Some 57% of managers report pay freezes in the last six months, with 50 per cent attempting to reduce business overheads and 49% seeing a recruitment freeze in their organisation. Nearly two thirds of managers (64%) say that staff morale has got worse in the last six months .

Managers in the public sector feel most affected by the current economic conditions, are the least optimistic about the future, are the most insecure about their jobs, and are seeing the lowest morale

In a climate where 35% of managers expect to see cuts in training and development, and 32% are expecting cuts in management and leadership development - further endangering organisational growth - 82% of managers would like to see the Government offer tax breaks to employers for investing in skills development. In a further endorsement of the importance of the skills agenda, 81% support the expansion of funding for Apprenticeships, with 67% calling for greater employer influence over public investment in skills.

Christopher Kinsella, acting chief executive of the CMI, said: "Although it is good to see improvement in the longer term outlook amongst UK managers particularly in the private sector, as last week's GDP figures show, we are still experiencing tough times. With morale continuing to be low and managers having to deal with difficult issues such as pay freezes and job insecurity, the journey back to economic prosperity is likely to feel like a long slog for many people.
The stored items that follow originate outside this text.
(* Every EDT-Nash equilibrium is an EDT equilibrium. In extensive-form games without absentmindedness, a strategy profile is an EDT-Nash equilibrium if and only if it is a CDT-Nash equilibrium. In extensive-form games with perfect recall, a strategy profile is an EDT-Nash equilibrium if and only if it is a Nash equilibrium.
   Context: An extensive-form game consists of a finite rooted tree (nodes $\mathcal H$, leaves $\mathcal Z$, actions $A_h$), players $\mathcal N$ plus chance (with fixed action distributions), utilities $u_i:\mathcal Z\to\mathbb R_{\ge0}$, and partitions $\mathcal I_i$ of each player's nodes into infosets with common action sets $A_I$. For a node $h$ with root-to-$h$ path $(h_0,\dots,h_{d-1})$ (excluding $h$), $\mathrm{obs}(h)=(i_k,I_k,a_k)_k$ lists the player at, infoset of, and action taken at each $h_k$; $\mathrm{obs}_i(h)$ is the subsequence with $i_k=i$. Player $i$ has perfect recall if $\mathrm{obs}_i(h)=\mathrm{obs}_i(h')$ for $h,h'$ in a common infoset of $i$; the game has perfect recall if all players do. The game has absentmindedness if some infoset appears more than once among the $I_k$ in $\mathrm{obs}(h)$ for some $h$. A behavioral strategy $\pi_i$ assigns $\pi_i(\cdot\mid I)\in\Delta(A_I)$; $\mathbb P(h\mid\pi)$ is the reach probability of $h$; $U_i(\pi)=\sum_z\mathbb P(z\mid\pi)u_i(z)$; realization equivalence means equal reach probabilities at all nodes. $\pi_i^{I\mapsto\sigma}$ plays $\sigma$ at $I$, otherwise $\pi_i$. Nash: each $\pi_i\in\arg\max U_i(\cdot,\pi_{-i})$. EDT equilibrium: for all $i$, $I\in\mathcal I_i$, $\pi_i(\cdot\mid I)\in\arg\max_{\sigma}U_i(\pi_i^{I\mapsto\sigma},\pi_{-i})$. CDT equilibrium: each $\pi_i$ is a KKT point of maximizing $U_i(\cdot,\pi_{-i})$ over $\prod_I\Delta(A_I)$. In a single-player game (Player 1): let $I^{\mathrm{1st}}$ be the nodes $h\in I$ such that $I$ does not appear in $\mathrm{obs}(h)$, $\mathbb P(I\mid\pi)=\sum_{h\in I^{\mathrm{1st}}}\mathbb P(h\mid\pi)$, and $\mathrm{Fr}(I\mid\pi)=\sum_{h\in I}\mathbb P(h\mid\pi)$. The CDT utility of $\sigma\in\Delta(A_I)$ is $U_1^{\mathrm{CDT}}(\sigma\mid\pi,I)=U_1(\pi)+\sum_{a\in A_I}(\sigma(a)-\pi(a\mid I))\,\partial U_1(\pi)/\partial\pi(a\mid I)$, where $U_1$ is viewed as a polynomial in the variables $\pi(a\mid I)$. A strategy $\pi$ is EDT-rational (resp. CDT-rational) if there is a sequence $(\pi^{(k)},\varepsilon^{(k)})_{k\in\mathbb N}$ with each $\pi^{(k)}$ fully mixed ($\pi^{(k)}(a\mid I)>0$ for all $I,a$), $\pi^{(k)}\to\pi$, $\varepsilon^{(k)}>0$, $\varepsilon^{(k)}\to0$, and for each $k$, all $I$ with $\mathbb P(I\mid\pi^{(k)})>0$ (resp. $\mathrm{Fr}(I\mid\pi^{(k)})>0$) and all $\sigma\in\Delta(A_I)$: $\frac{1}{\mathbb P(I\mid\pi^{(k)})}(U_1(\pi^{(k),I\mapsto\sigma})-U_1(\pi^{(k)}))\le\varepsilon^{(k)}$ (resp. $\frac{1}{\mathrm{Fr}(I\mid\pi^{(k)})}(U_1^{\mathrm{CDT}}(\sigma\mid\pi^{(k)},I)-U_1(\pi^{(k)}))\le\varepsilon^{(k)}$). A profile $\pi$ is an EDT-Nash (resp. CDT-Nash) equilibrium if it is an EDT (resp. CDT) equilibrium and for each player $i$, in the single-player game from $i$'s perspective where the others play the fixed $\pi_{-i}$, $\pi_i$ is realization-equivalent to an EDT-rational (resp. CDT-rational) strategy. *)

From HB Require Import structures.
From mathcomp Require Import all_boot all_order all_algebra.
From mathcomp Require Import all_classical all_reals topology normedtype sequences.
Set Implicit Arguments. Unset Strict Implicit. Unset Printing Implicit Defensive.
Import Order.TTheory GRing.Theory Num.Theory.
Import numFieldTopology.Exports numFieldNormedType.Exports.
Local Open Scope classical_set_scope.
Local Open Scope ring_scope.

(*   acts I = A_I.  Chance nodes carry a fixed distribution p over the       *)
(*   actions leaving them; leaves carry a utility vector Pl -> R.            *)
(*   A node is identified by the sequence of actions from the root to it.    *)

Section Games.
Variable R : realType.
Variables Pl Info Act : finType.

Inductive label := Chance of (Act -> R) | Dec of Info.

Inductive tree :=
| Leaf : (Pl -> R) -> tree
| Node : label -> seq (Act * tree) -> tree.

Record game := Game {
  gtree : tree;
  owner : Info -> Pl;
  acts  : Info -> {set Act} }.

Definition child (cs : seq (Act * tree)) (a : Act) : option tree :=
  ohead [seq p.2 | p <- cs & p.1 == a].

Fixpoint sub (t : tree) (s : seq Act) : option tree :=
  match s with
  | [::] => Some t
  | a :: s' =>
      if t is Node _ cs then
        (if child cs a is Some t' then sub t' s' else None)
      else None
  end.

Fixpoint steps (t : tree) (s : seq Act) : seq (label * Act) :=
  match s with
  | [::] => [::]
  | a :: s' =>
      match t with
      | Node l cs =>
          match child cs a with
          | Some t' => (l, a) :: steps t' s'
          | None => [::]
          end
      | Leaf _ => [::]
      end
  end.

Fixpoint nodes (t : tree) : seq (seq Act) :=
  match t with
  | Leaf _ => [:: [::]]
  | Node _ cs =>
      [::] :: (fix go (cs : seq (Act * tree)) : seq (seq Act) :=
                 match cs with
                 | [::] => [::]
                 | (a, t') :: cs' => map (cons a) (nodes t') ++ go cs'
                 end) cs
  end.

Variable G : game.

Definition Nodes := nodes (gtree G).

Definition inI (I : Info) (h : seq Act) : bool :=
  if sub (gtree G) h is Some (Node (Dec J) _) then J == I else false.

Definition isLeaf (h : seq Act) : bool :=
  if sub (gtree G) h is Some (Leaf _) then true else false.

Definition util (h : seq Act) (i : Pl) : R :=
  if sub (gtree G) h is Some (Leaf u) then u i else 0.

Definition obs (h : seq Act) : seq (Pl * Info * Act) :=
  pmap (fun p : label * Act =>
          if p.1 is Dec J then Some (owner G J, J, p.2) else None)
       (steps (gtree G) h).

Definition obs_i (i : Pl) (h : seq Act) : seq (Pl * Info * Act) :=
  [seq q <- obs h | q.1.1 == i].

Definition perfect_recall : Prop :=
  forall I h h', h \in Nodes -> h' \in Nodes -> inI I h -> inI I h' ->
    obs_i (owner G I) h = obs_i (owner G I) h'.

Definition absentminded : Prop :=
  exists h, h \in Nodes /\ ~~ uniq [seq q.1.2 | q <- obs h].

Definition wf_game : Prop :=
  (forall I, (0 < #|acts G I|)%N) /\
  forall h, h \in Nodes ->
    match sub (gtree G) h with
    | Some (Leaf u) => forall i, 0 <= u i
    | Some (Node l cs) =>
        uniq (map fst cs) /\
        match l with
        | Dec J => forall a, (a \in map fst cs) = (a \in acts G J)
        | Chance p => (forall a, a \in map fst cs -> 0 <= p a) /\
                      \sum_(a <- map fst cs) p a = 1
        end
    | None => True
    end.

Definition isDist (S : {set Act}) (sigma : Act -> R) : Prop :=
  (forall a, a \in S -> 0 <= sigma a) /\ \sum_(a in S) sigma a = 1.

Definition valid_profile (pi : Info -> Act -> R) : Prop :=
  forall I, isDist (acts G I) (pi I).

Definition valid_strat (i : Pl) (y : Info -> Act -> R) : Prop :=
  forall I, owner G I = i -> isDist (acts G I) (y I).

Definition replace (i : Pl) (y pi : Info -> Act -> R) : Info -> Act -> R :=
  fun I => if owner G I == i then y I else pi I.

Definition deviate (pi : Info -> Act -> R) (I : Info) (sigma : Act -> R) :
  Info -> Act -> R := fun J => if J == I then sigma else pi J.

Definition factor (pi : Info -> Act -> R) (l : label) (a : Act) : R :=
  match l with Chance p => p a | Dec J => pi J a end.

Definition reach (pi : Info -> Act -> R) (h : seq Act) : R :=
  \prod_(p <- steps (gtree G) h) factor pi p.1 p.2.

Definition EU (i : Pl) (pi : Info -> Act -> R) : R :=
  \sum_(h <- Nodes | isLeaf h) reach pi h * util h i.

(* U_i as a polynomial in the single variable pi(a|I), all the other
   variables fixed at their values in pi *)
Definition Upoly (i : Pl) (pi : Info -> Act -> R) (I : Info) (a : Act) :
  {poly R} :=
  \sum_(h <- Nodes | isLeaf h)
    (\prod_(p <- steps (gtree G) h)
       (if p.1 is Dec J then
          (if (J == I) && (p.2 == a) then 'X else (pi J p.2)%:P)
        else (factor pi p.1 p.2)%:P)) * (util h i)%:P.

Definition pdU (i : Pl) (pi : Info -> Act -> R) (I : Info) (a : Act) : R :=
  ((Upoly i pi I a)^`()).[pi I a].

Definition Nash (pi : Info -> Act -> R) : Prop :=
  forall i y, valid_strat i y -> EU i (replace i y pi) <= EU i pi.

Definition EDT_eq (pi : Info -> Act -> R) : Prop :=
  forall I sigma, isDist (acts G I) sigma ->
    EU (owner G I) (deviate pi I sigma) <= EU (owner G I) pi.

(* KKT conditions for maximizing U_i(., pi_{-i}) over prod_I Delta(A_I):
   dU/dpi(a|I) + mu(I,a) = lambda(I), mu >= 0, mu(I,a) pi(a|I) = 0
   (primal feasibility is valid_profile) *)
Definition CDT_eq (pi : Info -> Act -> R) : Prop :=
  forall i, exists (lam : Info -> R) (mu : Info -> Act -> R),
    forall I a, owner G I = i -> a \in acts G I ->
      [/\ 0 <= mu I a, mu I a * pi I a = 0 & pdU i pi I a + mu I a = lam I].

Definition firstIn (I : Info) (h : seq Act) : bool :=
  inI I h && (I \notin [seq q.1.2 | q <- obs h]).

Definition PI (pi : Info -> Act -> R) (I : Info) : R :=
  \sum_(h <- Nodes | firstIn I h) reach pi h.

Definition Fr (pi : Info -> Act -> R) (I : Info) : R :=
  \sum_(h <- Nodes | inI I h) reach pi h.

Definition UCDT (i : Pl) (sigma : Act -> R) (pi : Info -> Act -> R) (I : Info) : R :=
  EU i pi + \sum_(a in acts G I) (sigma a - pi I a) * pdU i pi I a.

Definition approx_seq (i : Pl) (y : Info -> Act -> R)
  (x : nat -> Info -> Act -> R) (eps : nat -> R) : Prop :=
  [/\ forall k, valid_strat i (x k),
      forall k I a, owner G I = i -> a \in acts G I -> 0 < x k I a,
      forall I a, owner G I = i -> a \in acts G I ->
        (fun k => x k I a) @ \oo --> y I a,
      forall k, 0 < eps k
    & eps @ \oo --> 0].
"It is particularly worrying to see the number of people who continue to expect to see cuts in budget for training, and management and leadership development. With recent CMI/Penna research showing that effective management development can improve organisational performance by as much as 23 per cent, this type of short-termism risks damaging our ability as a nation to grow once more. Both Government and employers have a role to play in addressing this issue, and we call on both to work now to ensure management skills shortages do not hamper our chances of recovery."